• Activity:
Count the lines of data below that include "escapesE". Provide only the number.

── Excerpted data ──

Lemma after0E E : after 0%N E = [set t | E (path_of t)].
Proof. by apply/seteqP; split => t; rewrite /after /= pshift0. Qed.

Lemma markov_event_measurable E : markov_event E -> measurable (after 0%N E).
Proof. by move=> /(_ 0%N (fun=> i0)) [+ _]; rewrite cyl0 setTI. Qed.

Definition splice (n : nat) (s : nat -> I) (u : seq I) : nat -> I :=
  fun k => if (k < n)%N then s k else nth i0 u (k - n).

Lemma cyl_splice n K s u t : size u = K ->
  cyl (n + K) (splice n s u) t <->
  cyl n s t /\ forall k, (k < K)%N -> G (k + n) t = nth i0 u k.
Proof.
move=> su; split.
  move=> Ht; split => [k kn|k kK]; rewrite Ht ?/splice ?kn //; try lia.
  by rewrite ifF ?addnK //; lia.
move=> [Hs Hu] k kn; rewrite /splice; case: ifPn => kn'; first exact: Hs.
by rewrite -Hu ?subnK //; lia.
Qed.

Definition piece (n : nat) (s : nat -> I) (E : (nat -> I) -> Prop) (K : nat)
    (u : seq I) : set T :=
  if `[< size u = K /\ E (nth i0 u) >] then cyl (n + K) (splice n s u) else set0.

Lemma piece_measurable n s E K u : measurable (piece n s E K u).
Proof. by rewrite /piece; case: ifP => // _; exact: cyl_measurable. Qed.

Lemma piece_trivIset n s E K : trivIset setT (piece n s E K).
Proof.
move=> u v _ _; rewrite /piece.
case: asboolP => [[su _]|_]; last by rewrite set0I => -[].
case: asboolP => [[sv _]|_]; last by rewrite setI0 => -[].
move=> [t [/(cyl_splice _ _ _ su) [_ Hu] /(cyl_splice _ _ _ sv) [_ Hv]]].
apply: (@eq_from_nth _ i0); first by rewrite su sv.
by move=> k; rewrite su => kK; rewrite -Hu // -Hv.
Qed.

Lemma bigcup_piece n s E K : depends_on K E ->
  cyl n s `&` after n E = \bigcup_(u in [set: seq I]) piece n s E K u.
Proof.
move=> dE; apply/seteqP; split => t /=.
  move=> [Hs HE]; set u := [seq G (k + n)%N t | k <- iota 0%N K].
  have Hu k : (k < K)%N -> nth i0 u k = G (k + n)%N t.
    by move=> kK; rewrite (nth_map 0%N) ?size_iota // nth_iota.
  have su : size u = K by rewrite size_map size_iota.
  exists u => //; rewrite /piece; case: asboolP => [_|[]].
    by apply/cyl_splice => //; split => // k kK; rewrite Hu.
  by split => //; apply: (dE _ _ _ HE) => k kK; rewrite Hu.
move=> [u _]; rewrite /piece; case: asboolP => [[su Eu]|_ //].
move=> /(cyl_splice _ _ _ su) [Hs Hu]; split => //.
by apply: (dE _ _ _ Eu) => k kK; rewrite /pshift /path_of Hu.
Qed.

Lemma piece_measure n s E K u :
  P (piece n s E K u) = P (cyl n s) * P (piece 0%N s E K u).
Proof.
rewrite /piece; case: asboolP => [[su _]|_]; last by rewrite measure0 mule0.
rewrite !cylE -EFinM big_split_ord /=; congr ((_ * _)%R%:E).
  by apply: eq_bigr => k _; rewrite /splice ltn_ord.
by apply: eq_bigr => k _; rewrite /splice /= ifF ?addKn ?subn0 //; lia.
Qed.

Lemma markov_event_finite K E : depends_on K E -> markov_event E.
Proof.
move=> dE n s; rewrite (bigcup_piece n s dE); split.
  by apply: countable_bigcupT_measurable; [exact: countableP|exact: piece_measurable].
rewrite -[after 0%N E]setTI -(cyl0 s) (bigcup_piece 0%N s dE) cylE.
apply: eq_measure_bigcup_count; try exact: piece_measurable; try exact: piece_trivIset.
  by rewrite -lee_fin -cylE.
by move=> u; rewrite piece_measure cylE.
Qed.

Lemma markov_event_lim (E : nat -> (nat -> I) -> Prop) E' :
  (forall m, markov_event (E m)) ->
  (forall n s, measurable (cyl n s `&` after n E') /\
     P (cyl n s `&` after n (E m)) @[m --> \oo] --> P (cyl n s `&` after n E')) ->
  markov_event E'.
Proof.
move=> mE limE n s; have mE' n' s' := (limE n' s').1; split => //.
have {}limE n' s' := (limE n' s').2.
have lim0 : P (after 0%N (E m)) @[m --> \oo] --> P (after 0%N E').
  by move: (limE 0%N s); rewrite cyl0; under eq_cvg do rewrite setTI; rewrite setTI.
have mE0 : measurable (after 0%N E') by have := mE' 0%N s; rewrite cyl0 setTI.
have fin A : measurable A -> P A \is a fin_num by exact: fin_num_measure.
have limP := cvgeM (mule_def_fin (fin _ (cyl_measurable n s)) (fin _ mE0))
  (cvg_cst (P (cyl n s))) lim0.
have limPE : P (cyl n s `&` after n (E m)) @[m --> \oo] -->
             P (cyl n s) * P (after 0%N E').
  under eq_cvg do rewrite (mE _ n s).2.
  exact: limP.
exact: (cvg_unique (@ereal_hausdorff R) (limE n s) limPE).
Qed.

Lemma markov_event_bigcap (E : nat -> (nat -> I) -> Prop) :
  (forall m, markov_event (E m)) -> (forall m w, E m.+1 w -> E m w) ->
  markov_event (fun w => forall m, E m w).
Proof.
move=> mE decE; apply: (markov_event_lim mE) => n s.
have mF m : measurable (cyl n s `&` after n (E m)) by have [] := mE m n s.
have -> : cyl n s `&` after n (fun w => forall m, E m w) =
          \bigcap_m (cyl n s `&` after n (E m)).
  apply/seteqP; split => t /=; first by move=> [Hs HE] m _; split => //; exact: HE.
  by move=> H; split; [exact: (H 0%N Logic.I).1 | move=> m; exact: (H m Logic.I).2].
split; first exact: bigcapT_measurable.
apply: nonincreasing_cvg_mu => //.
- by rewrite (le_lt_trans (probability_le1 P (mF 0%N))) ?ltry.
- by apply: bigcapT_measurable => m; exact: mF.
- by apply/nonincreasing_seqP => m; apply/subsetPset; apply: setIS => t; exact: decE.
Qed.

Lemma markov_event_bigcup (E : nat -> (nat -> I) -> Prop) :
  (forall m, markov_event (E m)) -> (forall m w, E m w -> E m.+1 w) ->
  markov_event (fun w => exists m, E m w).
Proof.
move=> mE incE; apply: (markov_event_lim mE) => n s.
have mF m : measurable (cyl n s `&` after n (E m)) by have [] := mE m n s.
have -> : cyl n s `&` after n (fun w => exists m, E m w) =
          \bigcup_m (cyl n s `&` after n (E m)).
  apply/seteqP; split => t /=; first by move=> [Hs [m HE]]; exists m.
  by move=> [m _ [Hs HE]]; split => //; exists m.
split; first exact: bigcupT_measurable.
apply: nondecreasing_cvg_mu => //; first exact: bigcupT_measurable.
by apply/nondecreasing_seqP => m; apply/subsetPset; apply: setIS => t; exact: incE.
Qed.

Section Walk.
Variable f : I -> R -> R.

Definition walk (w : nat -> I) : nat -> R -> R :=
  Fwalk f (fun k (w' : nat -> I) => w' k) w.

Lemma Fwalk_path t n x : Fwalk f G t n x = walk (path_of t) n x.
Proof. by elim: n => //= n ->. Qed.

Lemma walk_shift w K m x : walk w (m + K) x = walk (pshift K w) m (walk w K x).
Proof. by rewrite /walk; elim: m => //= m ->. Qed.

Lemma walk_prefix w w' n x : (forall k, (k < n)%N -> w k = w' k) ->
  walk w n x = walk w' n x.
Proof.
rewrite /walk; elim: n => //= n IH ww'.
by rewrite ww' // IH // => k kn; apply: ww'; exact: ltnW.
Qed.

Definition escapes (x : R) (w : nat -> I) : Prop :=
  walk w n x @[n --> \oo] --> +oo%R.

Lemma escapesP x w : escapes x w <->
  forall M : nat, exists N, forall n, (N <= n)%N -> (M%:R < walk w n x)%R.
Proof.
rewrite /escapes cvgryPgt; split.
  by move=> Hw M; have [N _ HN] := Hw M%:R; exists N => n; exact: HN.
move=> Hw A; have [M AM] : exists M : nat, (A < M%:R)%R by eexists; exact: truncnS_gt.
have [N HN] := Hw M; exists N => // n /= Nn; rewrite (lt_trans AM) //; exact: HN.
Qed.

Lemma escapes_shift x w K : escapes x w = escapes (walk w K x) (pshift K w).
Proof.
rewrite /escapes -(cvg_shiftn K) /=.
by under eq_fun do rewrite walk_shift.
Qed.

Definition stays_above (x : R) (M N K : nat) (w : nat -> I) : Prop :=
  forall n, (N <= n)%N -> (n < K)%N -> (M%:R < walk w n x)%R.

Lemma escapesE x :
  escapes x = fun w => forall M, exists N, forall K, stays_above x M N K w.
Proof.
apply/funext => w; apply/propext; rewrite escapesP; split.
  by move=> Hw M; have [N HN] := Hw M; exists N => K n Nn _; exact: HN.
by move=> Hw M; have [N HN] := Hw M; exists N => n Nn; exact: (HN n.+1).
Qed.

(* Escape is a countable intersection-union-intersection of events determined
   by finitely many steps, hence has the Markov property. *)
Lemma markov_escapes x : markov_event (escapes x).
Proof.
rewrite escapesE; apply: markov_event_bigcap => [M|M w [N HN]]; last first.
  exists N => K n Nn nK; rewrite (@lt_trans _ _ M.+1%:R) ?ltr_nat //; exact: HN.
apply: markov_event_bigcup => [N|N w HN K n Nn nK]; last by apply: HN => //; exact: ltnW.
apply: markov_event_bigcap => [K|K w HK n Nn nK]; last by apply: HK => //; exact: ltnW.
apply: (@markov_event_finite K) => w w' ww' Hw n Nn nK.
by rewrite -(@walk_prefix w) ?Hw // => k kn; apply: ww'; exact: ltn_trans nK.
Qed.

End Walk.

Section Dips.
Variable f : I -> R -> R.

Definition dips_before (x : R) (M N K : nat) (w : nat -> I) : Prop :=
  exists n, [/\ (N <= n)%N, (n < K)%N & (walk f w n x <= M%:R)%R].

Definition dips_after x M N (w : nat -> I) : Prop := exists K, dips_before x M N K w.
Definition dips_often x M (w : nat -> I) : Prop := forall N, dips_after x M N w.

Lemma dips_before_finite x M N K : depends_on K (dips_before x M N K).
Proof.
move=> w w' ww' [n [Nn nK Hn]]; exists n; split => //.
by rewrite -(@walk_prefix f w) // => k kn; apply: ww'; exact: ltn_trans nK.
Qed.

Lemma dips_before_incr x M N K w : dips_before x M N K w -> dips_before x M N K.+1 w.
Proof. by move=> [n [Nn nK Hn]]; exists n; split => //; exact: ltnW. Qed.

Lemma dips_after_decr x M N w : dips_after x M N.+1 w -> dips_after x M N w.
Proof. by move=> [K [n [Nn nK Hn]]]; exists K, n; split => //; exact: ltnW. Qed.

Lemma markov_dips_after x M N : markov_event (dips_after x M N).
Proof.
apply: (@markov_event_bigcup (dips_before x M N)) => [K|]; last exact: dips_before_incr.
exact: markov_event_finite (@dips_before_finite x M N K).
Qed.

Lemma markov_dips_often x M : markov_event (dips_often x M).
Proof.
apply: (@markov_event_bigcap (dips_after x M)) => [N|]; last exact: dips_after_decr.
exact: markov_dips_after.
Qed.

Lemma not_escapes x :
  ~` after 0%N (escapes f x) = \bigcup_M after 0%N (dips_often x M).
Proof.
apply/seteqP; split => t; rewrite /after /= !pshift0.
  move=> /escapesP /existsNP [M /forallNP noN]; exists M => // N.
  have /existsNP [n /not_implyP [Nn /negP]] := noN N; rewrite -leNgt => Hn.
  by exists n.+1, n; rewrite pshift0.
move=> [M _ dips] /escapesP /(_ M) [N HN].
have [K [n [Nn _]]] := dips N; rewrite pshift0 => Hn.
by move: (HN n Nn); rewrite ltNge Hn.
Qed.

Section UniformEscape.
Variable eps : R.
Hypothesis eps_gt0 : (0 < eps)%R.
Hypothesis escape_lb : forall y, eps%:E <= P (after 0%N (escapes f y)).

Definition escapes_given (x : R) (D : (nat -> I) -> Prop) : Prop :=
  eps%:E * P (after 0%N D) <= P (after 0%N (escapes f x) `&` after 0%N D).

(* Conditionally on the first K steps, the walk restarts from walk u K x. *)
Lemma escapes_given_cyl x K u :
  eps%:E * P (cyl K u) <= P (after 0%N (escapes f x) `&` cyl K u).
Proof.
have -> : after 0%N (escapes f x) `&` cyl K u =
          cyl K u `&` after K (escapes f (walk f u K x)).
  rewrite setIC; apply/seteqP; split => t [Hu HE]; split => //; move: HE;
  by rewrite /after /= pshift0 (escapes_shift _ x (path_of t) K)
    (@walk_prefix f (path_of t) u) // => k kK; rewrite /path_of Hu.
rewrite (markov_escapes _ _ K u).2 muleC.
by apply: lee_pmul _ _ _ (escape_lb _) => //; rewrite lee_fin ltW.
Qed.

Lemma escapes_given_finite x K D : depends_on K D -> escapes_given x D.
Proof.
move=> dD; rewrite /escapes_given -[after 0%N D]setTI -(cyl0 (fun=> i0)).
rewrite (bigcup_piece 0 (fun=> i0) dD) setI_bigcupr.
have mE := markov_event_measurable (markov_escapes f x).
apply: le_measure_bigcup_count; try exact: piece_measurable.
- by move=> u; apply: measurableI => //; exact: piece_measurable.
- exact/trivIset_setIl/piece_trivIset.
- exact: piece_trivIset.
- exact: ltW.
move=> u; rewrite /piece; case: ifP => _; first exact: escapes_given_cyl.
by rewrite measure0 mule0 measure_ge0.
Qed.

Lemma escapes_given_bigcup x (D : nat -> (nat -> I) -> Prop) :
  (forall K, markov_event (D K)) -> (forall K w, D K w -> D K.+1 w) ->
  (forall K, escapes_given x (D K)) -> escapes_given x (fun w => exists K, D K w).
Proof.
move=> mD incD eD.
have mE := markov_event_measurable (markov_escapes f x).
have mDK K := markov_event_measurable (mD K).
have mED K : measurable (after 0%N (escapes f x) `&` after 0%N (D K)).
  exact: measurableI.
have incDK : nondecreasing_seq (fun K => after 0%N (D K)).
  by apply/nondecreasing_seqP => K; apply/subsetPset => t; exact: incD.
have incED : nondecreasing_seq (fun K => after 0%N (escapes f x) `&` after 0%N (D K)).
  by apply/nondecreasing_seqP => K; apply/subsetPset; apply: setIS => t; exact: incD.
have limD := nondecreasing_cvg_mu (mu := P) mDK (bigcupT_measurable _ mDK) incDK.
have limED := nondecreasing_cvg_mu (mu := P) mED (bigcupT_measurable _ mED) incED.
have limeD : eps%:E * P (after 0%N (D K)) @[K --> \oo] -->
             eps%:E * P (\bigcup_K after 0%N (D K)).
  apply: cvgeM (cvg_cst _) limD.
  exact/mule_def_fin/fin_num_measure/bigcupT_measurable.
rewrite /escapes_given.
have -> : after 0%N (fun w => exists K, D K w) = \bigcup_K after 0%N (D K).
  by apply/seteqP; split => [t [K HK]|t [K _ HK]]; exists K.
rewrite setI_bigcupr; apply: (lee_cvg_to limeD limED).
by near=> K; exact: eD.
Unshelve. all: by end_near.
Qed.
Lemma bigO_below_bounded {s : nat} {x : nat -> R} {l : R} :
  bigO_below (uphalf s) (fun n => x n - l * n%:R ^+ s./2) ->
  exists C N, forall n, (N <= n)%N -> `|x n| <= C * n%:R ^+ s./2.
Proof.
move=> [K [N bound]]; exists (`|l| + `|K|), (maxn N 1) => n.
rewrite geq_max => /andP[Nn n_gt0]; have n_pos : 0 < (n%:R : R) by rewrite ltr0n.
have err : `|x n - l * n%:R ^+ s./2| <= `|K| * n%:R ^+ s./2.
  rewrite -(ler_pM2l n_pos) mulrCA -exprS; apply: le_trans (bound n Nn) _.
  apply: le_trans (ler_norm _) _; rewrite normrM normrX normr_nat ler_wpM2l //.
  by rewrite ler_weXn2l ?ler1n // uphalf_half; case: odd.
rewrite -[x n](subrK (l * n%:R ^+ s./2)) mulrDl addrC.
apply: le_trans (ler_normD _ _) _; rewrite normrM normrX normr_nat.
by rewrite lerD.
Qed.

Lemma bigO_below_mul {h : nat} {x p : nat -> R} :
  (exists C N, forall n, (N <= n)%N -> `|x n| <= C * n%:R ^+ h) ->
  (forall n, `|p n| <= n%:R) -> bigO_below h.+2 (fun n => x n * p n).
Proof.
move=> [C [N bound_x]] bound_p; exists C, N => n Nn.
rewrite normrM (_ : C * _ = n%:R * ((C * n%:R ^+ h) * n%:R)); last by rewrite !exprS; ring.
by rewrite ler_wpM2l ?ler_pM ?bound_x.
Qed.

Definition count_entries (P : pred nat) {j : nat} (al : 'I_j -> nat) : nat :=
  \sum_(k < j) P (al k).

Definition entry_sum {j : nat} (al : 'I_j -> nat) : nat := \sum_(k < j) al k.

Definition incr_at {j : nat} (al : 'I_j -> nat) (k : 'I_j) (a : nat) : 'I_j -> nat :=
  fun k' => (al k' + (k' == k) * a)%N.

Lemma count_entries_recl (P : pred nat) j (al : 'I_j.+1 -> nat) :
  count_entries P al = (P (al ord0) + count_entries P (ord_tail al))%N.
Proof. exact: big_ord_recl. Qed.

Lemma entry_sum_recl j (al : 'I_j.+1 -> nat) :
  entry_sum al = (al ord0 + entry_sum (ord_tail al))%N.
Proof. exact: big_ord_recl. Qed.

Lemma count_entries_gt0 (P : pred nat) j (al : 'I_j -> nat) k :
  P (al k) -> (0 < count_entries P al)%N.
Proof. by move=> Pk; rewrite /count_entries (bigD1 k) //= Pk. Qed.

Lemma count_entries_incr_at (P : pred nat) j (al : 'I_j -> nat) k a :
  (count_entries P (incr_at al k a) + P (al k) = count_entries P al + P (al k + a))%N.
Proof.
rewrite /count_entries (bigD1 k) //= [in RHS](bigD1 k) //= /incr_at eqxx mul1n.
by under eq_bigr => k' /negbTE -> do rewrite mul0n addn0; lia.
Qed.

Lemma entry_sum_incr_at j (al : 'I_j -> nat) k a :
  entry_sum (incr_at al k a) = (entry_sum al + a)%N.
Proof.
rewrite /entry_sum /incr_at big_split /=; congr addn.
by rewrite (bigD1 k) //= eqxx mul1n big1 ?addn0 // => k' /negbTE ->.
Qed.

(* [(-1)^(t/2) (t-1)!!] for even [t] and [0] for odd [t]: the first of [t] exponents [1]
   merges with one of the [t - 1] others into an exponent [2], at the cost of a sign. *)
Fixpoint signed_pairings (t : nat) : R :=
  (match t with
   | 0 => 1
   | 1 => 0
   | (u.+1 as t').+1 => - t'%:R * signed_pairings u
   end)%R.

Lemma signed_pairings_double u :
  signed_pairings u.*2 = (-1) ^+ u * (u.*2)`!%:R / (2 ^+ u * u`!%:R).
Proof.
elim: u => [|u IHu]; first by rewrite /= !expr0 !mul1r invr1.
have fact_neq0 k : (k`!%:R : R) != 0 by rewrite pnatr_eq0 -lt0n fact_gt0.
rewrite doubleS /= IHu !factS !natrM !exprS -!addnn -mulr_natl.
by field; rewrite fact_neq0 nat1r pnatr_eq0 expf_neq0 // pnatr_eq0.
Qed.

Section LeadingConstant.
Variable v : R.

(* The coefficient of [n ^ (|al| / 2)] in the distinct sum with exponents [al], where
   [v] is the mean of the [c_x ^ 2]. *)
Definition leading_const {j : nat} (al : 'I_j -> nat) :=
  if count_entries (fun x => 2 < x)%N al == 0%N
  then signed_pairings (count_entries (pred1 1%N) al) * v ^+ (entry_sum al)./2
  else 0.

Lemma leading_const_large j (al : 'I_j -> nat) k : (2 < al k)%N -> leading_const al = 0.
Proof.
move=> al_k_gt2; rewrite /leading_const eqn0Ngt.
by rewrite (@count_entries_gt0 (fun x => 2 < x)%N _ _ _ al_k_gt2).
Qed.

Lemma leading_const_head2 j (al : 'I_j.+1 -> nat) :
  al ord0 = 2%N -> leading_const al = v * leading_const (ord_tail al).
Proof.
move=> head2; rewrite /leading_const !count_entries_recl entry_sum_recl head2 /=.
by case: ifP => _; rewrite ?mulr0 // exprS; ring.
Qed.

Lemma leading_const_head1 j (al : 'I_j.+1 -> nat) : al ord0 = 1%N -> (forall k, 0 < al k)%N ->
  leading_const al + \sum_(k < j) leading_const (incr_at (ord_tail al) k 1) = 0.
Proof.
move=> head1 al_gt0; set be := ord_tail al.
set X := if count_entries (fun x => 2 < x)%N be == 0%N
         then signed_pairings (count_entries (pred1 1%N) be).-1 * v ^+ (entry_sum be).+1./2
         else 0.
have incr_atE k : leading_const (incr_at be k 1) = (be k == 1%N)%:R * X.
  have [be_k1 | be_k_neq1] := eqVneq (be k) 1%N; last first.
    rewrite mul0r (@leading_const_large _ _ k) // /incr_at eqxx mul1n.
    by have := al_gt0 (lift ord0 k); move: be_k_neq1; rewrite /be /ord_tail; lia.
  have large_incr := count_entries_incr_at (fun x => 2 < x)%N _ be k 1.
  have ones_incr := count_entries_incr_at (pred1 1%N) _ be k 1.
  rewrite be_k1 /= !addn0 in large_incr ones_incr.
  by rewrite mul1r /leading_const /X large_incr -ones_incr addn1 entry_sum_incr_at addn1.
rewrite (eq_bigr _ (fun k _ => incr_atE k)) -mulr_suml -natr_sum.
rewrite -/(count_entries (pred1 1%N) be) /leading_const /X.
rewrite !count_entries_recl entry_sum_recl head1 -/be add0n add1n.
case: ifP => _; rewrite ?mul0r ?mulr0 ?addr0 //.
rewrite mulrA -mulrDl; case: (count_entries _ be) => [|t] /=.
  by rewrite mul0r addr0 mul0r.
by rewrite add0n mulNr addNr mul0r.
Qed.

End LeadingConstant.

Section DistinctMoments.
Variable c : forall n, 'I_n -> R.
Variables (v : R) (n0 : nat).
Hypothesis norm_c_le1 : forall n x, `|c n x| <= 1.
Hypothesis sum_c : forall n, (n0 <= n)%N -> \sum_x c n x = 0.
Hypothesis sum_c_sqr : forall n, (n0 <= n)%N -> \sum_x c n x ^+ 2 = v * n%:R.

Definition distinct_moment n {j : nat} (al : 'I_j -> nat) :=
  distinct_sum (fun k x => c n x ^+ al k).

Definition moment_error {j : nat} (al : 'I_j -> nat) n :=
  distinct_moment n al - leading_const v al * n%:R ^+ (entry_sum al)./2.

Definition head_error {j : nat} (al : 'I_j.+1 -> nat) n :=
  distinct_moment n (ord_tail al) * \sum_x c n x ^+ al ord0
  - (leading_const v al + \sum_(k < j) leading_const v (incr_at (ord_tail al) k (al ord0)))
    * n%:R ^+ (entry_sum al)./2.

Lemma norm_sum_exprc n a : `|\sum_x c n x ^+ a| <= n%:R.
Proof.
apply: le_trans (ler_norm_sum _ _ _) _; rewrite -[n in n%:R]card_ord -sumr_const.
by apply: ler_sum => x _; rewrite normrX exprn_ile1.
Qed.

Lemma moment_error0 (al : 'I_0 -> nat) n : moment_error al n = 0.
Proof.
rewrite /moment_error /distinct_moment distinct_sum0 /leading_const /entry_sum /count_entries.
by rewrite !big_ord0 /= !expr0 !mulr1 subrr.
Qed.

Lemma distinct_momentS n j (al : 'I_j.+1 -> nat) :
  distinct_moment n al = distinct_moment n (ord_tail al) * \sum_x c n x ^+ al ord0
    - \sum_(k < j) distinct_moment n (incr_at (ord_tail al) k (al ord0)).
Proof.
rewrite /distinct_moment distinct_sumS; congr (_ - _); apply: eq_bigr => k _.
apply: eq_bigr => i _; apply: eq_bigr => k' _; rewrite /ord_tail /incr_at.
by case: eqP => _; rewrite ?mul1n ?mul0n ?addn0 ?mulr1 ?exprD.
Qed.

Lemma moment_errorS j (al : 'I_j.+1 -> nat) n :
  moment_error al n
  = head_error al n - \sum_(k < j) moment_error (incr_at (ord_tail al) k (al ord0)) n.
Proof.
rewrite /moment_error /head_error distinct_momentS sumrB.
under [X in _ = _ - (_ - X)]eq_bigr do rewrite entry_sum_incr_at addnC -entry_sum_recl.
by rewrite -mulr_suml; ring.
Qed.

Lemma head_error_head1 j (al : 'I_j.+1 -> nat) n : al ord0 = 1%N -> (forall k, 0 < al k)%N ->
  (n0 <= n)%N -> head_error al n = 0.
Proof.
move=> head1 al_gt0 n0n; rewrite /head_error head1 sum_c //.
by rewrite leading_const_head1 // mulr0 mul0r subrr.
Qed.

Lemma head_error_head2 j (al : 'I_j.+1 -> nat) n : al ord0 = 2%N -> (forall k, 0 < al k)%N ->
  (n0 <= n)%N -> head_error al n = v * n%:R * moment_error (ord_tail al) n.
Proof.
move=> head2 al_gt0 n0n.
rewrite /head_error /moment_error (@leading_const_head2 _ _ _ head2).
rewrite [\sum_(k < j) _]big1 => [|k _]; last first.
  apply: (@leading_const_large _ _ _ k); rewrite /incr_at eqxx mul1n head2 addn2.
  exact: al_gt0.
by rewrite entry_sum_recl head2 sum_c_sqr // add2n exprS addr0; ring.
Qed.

───

• Answer section:
2